The crisis is Cyprus is still unfolding and the final resolution might still have some way to go, but the events in Nicosia and Brussels already offer some first lessons. And these lessons look certainly familiar to those who have studied previous crises. Bets are that Cyprus will not be the Troika’s last patient, with one South European finance minister already dreading the moment where he might be in a situation like his Cypriot colleague. Even more important, thus to analyze the on-going Cyprus crisis resolution for insights into where the resolution of the Eurozone crisis might be headed and what needs to be done.

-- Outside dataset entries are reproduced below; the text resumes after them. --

Lemma col_coeff_at_one : col_coeff p = 0.
Proof. unfold col_coeff. rewrite one_pq. lia. Qed.

Lemma row_coeff_at_one : row_coeff q = 0.
Proof. unfold row_coeff. rewrite one_pq. lia. Qed.

(* The rank-two decomposition: both sides satisfy the SL2 relation and agree on
   row p and column q. *)
Lemma rank_two r s : r <= p -> q <= s -> t r s = t r q * t p s - col_coeff r * row_coeff s.
Proof.
  intros Hr Hs.
  apply (sl2_boundary_unique t (fun r s => t r q * t p s - col_coeff r * row_coeff s) p q);
    [exact t_pos_lt | exact t_det | | | | exact Hr | exact Hs].
  - intros i j. unfold minor2.
    transitivity ((col_coeff i * t (i + 1) q - t i q * col_coeff (i + 1)) *
                  (t p j * row_coeff (j + 1) - row_coeff j * t p (j + 1))); [ring|].
    rewrite col_coeff_rel, row_coeff_rel. reflexivity.
  - intros s' _. rewrite col_coeff_at_one, one_pq. lia.
  - intros r' _. rewrite row_coeff_at_one. lia.
Qed.

Lemma column_from_one r : r <= p ->
  0 <= col_coeff r /\ (col_coeff r < t r q \/ exists r', r <= r' < p /\ t r' q = 1).
Proof.
  apply (column_companion (fun r => t r q)); auto using col_coeff_at_one, col_coeff_rel.
Qed.

(* The row case is the column case read backwards along row p. *)
Lemma row_from_one s : q <= s ->
  0 <= row_coeff s /\ (row_coeff s < t p s \/ exists s', q < s' <= s /\ t p s' = 1).
Proof.
  intros Hs.
  destruct (column_companion (fun k => t p (- k)) (fun k => row_coeff (- k)) (- q))
    with (r := - s) as [nonneg alt]; [auto | now rewrite Z.opp_involutive, row_coeff_at_one | | lia |].
  - intro k. pose proof (row_coeff_rel (- k - 1)) as E.
    replace (- k - 1 + 1) with (- k) in E by lia. replace (- (k + 1)) with (- k - 1) by lia. lia.
  - rewrite Z.opp_involutive in nonneg, alt. split; [exact nonneg|].
    destruct alt as [lt | [k [Hk one]]]; [now left | right].
    exists (- k). split; [lia | exact one].
Qed.

(* Between the 1 at (p, q) and a 1 strictly to its north-east there is a further
   entry 1 on a diagonal strictly between theirs: otherwise the rank-two formula
   at (p', q') forces t p' q = 1. *)
Lemma one_between p' q' : t p' q' = 1 -> p' < p -> q < q' ->
  exists r s, t r s = 1 /\ q - p < s - r < q' - p'.
Proof.
  intros one' Hp Hq.
  destruct (column_from_one p' ltac:(lia)) as [Y_nonneg [Y_lt | [r' [Hr' one_r']]]];
    [| exists r', q; split; [exact one_r' | lia]].
  destruct (row_from_one q' ltac:(lia)) as [W_nonneg [W_lt | [s' [Hs' one_s']]]];
    [| exists p, s'; split; [exact one_s' | lia]].
  exists p', q. split; [| lia].
  pose proof (rank_two p' q' ltac:(lia) ltac:(lia)) as R. rewrite one' in R.
  pose proof (t_pos p q'). nia.
Qed.

End OneAt.

Lemma consecutive_ones p q p' q' :
  t p q = 1 -> t p' q' = 1 -> q - p < q' - p' ->
  (forall r s, t r s = 1 -> ~ q - p < s - r < q' - p') ->
  (p' < p /\ q' = q) \/ (p' = p /\ q' > q).
Proof.
  intros one one' Hd gap.
  destruct (Z.eq_dec p' p) as [-> | Hp]; [right; lia|].
  destruct (Z.eq_dec q' q) as [-> | Hq]; [left; lia|].
  exfalso. destruct (Z.lt_total p' p) as [Hlt | [Heq | Hgt]]; [| lia |].
  - destruct (Z.lt_total q q') as [Hq' | [Hq' | Hq']]; [| lia |].
    + destruct (one_between p q one p' q' one' Hlt Hq') as [r [s [one_rs Hrs]]].
      exact (gap r s one_rs Hrs).
    + exact (no_one_southeast p' q' p q one' one Hlt Hq').
  - exact (no_one_southeast p q p' q' one one' Hgt ltac:(lia)).
Qed.

Definition occupied (n : Z) : Prop := exists p, t p (p + n) = 1.

Hypothesis t_enough : enough_ones t.

Lemma occupied_above n : exists m, occupied m /\ n < m.
Proof.
  destruct (proj1 (t_enough 0 n)) as [p [q [Hp [Hq one]]]].
  exists (q - p). split; [exists p; now replace (p + (q - p)) with q by lia | lia].
Qed.

Lemma occupied_below n : exists m, occupied m /\ m < n.
Proof.
  destruct (proj2 (t_enough 0 n)) as [p [q [Hp [Hq one]]]].
  exists (q - p). split; [exists p; now replace (p + (q - p)) with q by lia | lia].
Qed.

Lemma ones_along_diagonals (g x : Z -> Z) :
  (forall a, g a < g (a + 1)) -> (forall a k, occupied k -> g a < k -> g (a + 1) <= k) ->
  (forall m, occupied m -> exists a, g a = m) -> (forall a, t (x a) (x a + g a) = 1) ->
  ones_sequence t x (fun a => x a + g a).
Proof.
  intros g_lt g_gap g_onto one_x.
  assert (ones : forall p q, t p q = 1 <-> exists a, p = x a /\ q = x a + g a).
  { intros p q. split; [intro one | intros [a [-> ->]]; apply one_x].
    destruct (g_onto (q - p)) as [a Ha];
      [exists p; now replace (p + (q - p)) with q by lia|].
    exists a. assert (p = x a) by (apply (one_per_diagonal p q (x a) (x a + g a)); auto; lia).
    split; lia. }
  assert (steps : forall a, optA x (fun a => x a + g a) a \/ optB x (fun a => x a + g a) a).
  { intro a.
    assert (gap : forall r s, t r s = 1 ->
              ~ x a + g a - x a < s - r < x (a + 1) + g (a + 1) - x (a + 1)).
    { intros r s one_rs Hrs.
      assert (occ : occupied (s - r)) by (exists r; now replace (r + (s - r)) with s by lia).
      pose proof (g_gap a (s - r) occ). lia. }
    destruct (consecutive_ones _ _ _ _ (one_x a) (one_x (a + 1))
                ltac:(specialize (g_lt a); lia) gap) as [[? ?] | [? ?]];
      [left | right]; unfold optA, optB; lia. }
  split; [exact ones|]. split; [exact steps|]. split.
  - apply switches_ahead; [exact steps|]. intro N.
    destruct (proj1 (t_enough (x N) (x N + g N))) as [p [q [Hp [Hq one]]]].
    destruct (proj1 (ones p q) one) as [b [-> ->]]. exists b. lia.
  - apply switches_behind; [exact steps|]. intro N.
    destruct (proj2 (t_enough (x N) (x N + g N))) as [p [q [Hp [Hq one]]]].
    destruct (proj1 (ones p q) one) as [b [-> ->]]. exists b. lia.
Qed.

1. A deposit insurance scheme is only as good as the sovereign backing it
One of the main objectives of deposit insurance is to prevent bank runs. That was also the idea behind the increase of deposit insurance limits across the Eurozone to 100,000 Euro after the Global Financial Crisis. However, deposit insurance is typically designed for idiosyncratic bank failures, not for systemic crises. In the latter case, it is important that public back stop funding is available. Obviously, the credibility of the latter depends on a solvent sovereign. As Cyprus has shown, if the solvency of the sovereign is itself in question, this will undermine the confidence of depositors in a deposit insurance scheme. In the case of Cyprus, this confidence has been further undermined by the initial idea of imposing a tax on insured deposits, effectively an insurance co-payment, contradicting maybe not in legal terms but definitely in spirit the promise of deposit insurance of up to 100,000 Euros. The confidence that has been destroyed with the protracted resolution process and the back-and-forth over loss distribution will be hard to re-establish. A banking system without the necessary trust, in turn, will be hard pressed to fulfill its basic functions of facilitating payment services and intermediating savings. Ultimately, this lack of confidence can only be overcome by a Eurozone wide deposit insurance scheme with public back-stop funding by ESM and a regulatory and supervisory framework that depositors can trust.
2. A large financial system is not necessarily growth enhancing
An extensive literature has documented the positive relationship between financial deepening and economic growth, even though the recent crisis has shed doubts on this relationship (Levine, 2005, Beck, 2012). However, both theoretical and empirical literature focus on the intermediation function of the financial system, not on the size of the financial system per se. Very different from this financial facilitator view is the financial center view, which sees the financial sector as an export sector, i.e. one that seeks to build a nationally centered financial center stronghold based on relative comparative advantages such as skill base, favorable regulatory and tax policies, (financial safety net) subsidies, etc. Economic benefits of such a financial center might also include important spin-offs coming from professional services (legal, accounting, consulting, etc.) that tend to cluster around the financial sector.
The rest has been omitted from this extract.